:: DATA FOR THIS EXERCISE ::
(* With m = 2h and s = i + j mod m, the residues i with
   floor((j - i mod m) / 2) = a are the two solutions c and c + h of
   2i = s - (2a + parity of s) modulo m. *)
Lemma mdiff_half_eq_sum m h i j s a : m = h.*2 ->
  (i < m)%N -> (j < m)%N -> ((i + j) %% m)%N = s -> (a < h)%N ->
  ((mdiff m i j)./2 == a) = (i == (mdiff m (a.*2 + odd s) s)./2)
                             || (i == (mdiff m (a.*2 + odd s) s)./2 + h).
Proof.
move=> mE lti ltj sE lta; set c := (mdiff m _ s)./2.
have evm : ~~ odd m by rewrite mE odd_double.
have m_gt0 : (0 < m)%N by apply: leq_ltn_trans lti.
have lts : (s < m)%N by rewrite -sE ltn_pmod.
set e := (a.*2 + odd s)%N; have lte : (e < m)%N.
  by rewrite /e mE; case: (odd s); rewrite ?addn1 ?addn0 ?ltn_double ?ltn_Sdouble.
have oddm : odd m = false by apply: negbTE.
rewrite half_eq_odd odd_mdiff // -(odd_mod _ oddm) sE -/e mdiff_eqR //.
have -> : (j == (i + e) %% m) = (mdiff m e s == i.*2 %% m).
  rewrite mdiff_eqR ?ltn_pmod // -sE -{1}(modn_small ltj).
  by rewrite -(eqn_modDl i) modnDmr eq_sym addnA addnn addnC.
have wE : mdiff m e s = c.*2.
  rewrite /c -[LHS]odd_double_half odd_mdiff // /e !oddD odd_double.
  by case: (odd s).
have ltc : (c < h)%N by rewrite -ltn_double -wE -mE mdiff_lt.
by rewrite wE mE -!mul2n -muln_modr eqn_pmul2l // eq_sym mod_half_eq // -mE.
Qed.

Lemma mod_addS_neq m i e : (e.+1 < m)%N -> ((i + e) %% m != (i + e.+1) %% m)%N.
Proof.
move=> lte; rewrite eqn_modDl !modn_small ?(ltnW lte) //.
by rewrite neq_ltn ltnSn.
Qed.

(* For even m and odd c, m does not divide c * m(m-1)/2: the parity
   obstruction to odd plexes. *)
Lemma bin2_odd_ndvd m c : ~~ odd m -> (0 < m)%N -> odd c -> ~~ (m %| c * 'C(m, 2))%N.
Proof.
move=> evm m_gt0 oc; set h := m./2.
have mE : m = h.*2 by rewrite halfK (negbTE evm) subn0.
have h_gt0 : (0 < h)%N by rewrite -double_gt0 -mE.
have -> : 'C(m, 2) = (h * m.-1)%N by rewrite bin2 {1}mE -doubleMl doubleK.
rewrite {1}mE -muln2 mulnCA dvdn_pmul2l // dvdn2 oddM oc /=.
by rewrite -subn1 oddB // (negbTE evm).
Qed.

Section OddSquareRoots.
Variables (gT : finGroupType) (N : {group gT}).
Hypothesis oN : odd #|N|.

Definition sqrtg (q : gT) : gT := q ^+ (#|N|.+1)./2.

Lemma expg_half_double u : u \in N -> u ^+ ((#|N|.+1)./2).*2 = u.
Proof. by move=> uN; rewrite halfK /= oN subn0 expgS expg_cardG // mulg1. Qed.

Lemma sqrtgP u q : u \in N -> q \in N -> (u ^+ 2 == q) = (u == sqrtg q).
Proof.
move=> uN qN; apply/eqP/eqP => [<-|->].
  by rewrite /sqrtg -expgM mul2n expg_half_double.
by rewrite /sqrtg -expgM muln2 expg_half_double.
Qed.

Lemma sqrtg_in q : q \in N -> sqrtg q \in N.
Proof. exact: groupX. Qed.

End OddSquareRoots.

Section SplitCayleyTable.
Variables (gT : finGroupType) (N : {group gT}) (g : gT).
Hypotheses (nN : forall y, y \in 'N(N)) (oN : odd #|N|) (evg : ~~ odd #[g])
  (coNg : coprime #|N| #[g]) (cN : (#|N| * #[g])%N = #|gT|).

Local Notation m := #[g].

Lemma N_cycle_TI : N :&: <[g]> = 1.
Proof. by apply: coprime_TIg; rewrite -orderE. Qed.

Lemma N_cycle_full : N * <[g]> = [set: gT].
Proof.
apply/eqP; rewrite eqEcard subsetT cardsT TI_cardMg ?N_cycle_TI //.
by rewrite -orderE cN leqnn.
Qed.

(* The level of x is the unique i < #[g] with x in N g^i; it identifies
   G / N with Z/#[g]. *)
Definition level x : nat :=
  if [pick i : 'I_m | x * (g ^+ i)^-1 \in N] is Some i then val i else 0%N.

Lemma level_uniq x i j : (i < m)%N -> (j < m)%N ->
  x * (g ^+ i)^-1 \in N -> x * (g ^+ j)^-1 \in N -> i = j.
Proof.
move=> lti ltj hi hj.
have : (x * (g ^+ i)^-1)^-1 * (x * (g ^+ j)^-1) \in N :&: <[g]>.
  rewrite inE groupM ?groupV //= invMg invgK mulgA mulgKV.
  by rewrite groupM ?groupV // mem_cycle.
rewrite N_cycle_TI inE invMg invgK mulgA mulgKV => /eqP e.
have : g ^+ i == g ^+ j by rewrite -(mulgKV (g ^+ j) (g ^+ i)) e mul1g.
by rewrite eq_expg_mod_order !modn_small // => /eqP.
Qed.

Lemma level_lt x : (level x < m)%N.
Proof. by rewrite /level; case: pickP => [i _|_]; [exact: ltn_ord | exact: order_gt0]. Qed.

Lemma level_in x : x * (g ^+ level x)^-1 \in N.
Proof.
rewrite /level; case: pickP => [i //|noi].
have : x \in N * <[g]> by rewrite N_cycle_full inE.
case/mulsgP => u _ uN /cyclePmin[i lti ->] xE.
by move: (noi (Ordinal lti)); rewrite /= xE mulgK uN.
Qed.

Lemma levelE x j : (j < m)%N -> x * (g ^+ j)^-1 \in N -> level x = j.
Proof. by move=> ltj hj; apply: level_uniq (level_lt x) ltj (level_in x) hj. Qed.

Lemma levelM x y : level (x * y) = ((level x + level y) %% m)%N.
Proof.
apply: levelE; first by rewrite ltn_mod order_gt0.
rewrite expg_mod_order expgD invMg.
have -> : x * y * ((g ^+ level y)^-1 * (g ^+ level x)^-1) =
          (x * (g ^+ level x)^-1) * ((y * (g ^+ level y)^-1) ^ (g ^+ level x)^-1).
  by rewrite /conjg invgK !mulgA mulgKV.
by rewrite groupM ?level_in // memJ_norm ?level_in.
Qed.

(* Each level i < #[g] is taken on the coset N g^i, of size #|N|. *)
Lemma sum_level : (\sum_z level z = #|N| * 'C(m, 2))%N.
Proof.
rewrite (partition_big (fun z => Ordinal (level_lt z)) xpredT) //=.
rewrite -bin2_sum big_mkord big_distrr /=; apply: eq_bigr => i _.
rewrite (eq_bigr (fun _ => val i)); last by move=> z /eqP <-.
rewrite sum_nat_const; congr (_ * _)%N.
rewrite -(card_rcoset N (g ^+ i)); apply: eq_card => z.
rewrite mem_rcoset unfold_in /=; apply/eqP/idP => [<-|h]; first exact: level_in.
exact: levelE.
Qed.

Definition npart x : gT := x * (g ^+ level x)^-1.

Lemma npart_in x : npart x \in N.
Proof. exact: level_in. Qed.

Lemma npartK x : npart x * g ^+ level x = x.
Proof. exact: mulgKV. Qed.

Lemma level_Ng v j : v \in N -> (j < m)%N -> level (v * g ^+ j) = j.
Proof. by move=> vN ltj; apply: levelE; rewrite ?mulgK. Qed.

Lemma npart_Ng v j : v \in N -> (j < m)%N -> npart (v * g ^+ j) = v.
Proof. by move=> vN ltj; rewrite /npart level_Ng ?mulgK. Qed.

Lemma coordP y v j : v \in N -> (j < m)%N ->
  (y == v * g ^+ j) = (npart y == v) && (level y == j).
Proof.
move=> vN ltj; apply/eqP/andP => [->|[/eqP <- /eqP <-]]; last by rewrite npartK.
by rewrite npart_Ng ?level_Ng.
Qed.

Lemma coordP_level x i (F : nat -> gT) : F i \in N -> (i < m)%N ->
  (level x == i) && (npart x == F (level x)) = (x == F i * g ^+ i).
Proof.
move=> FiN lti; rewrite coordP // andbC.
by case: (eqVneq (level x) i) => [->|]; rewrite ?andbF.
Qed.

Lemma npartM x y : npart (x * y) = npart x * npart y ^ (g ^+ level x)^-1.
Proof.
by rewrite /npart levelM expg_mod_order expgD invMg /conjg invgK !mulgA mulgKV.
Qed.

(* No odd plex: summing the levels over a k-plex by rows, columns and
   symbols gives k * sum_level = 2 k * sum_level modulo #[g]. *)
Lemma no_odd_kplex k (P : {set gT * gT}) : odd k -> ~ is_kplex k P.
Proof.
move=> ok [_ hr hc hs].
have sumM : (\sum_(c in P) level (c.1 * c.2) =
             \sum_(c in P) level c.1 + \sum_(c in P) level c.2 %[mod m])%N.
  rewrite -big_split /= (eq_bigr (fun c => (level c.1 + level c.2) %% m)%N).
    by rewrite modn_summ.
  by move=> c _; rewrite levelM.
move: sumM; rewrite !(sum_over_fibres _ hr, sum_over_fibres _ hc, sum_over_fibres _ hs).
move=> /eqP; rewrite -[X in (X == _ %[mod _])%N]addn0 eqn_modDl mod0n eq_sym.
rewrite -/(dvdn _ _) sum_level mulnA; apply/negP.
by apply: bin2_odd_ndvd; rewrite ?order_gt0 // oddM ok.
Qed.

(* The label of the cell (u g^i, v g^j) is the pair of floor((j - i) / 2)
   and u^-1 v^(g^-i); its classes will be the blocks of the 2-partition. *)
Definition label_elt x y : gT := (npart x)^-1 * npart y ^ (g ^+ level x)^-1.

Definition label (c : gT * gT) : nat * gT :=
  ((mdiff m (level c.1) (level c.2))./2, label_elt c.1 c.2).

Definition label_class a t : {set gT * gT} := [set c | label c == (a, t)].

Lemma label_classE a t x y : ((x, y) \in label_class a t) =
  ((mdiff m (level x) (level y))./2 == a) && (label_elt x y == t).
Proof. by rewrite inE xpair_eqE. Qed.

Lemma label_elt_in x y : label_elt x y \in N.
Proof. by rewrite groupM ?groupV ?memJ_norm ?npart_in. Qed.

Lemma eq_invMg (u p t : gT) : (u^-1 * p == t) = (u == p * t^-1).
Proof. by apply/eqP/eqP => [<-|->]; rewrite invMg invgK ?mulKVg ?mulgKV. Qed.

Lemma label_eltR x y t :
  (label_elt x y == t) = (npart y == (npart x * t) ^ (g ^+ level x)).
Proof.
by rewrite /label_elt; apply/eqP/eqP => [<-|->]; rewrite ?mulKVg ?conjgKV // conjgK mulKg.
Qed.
:::
### TASK INSTRUCTIONS
The answer must be a verbatim transcription of the entries above, from the first line through the line that contains "obstruction to odd plexes. *)", and nothing more.

### YOUR SOLUTION
(* With m = 2h and s = i + j mod m, the residues i with
   floor((j - i mod m) / 2) = a are the two solutions c and c + h of
   2i = s - (2a + parity of s) modulo m. *)
Lemma mdiff_half_eq_sum m h i j s a : m = h.*2 ->
  (i < m)%N -> (j < m)%N -> ((i + j) %% m)%N = s -> (a < h)%N ->
  ((mdiff m i j)./2 == a) = (i == (mdiff m (a.*2 + odd s) s)./2)
                             || (i == (mdiff m (a.*2 + odd s) s)./2 + h).
Proof.
move=> mE lti ltj sE lta; set c := (mdiff m _ s)./2.
have evm : ~~ odd m by rewrite mE odd_double.
have m_gt0 : (0 < m)%N by apply: leq_ltn_trans lti.
have lts : (s < m)%N by rewrite -sE ltn_pmod.
set e := (a.*2 + odd s)%N; have lte : (e < m)%N.
  by rewrite /e mE; case: (odd s); rewrite ?addn1 ?addn0 ?ltn_double ?ltn_Sdouble.
have oddm : odd m = false by apply: negbTE.
rewrite half_eq_odd odd_mdiff // -(odd_mod _ oddm) sE -/e mdiff_eqR //.
have -> : (j == (i + e) %% m) = (mdiff m e s == i.*2 %% m).
  rewrite mdiff_eqR ?ltn_pmod // -sE -{1}(modn_small ltj).
  by rewrite -(eqn_modDl i) modnDmr eq_sym addnA addnn addnC.
have wE : mdiff m e s = c.*2.
  rewrite /c -[LHS]odd_double_half odd_mdiff // /e !oddD odd_double.
  by case: (odd s).
have ltc : (c < h)%N by rewrite -ltn_double -wE -mE mdiff_lt.
by rewrite wE mE -!mul2n -muln_modr eqn_pmul2l // eq_sym mod_half_eq // -mE.
Qed.

Lemma mod_addS_neq m i e : (e.+1 < m)%N -> ((i + e) %% m != (i + e.+1) %% m)%N.
Proof.
move=> lte; rewrite eqn_modDl !modn_small ?(ltnW lte) //.
by rewrite neq_ltn ltnSn.
Qed.

(* For even m and odd c, m does not divide c * m(m-1)/2: the parity
   obstruction to odd plexes. *)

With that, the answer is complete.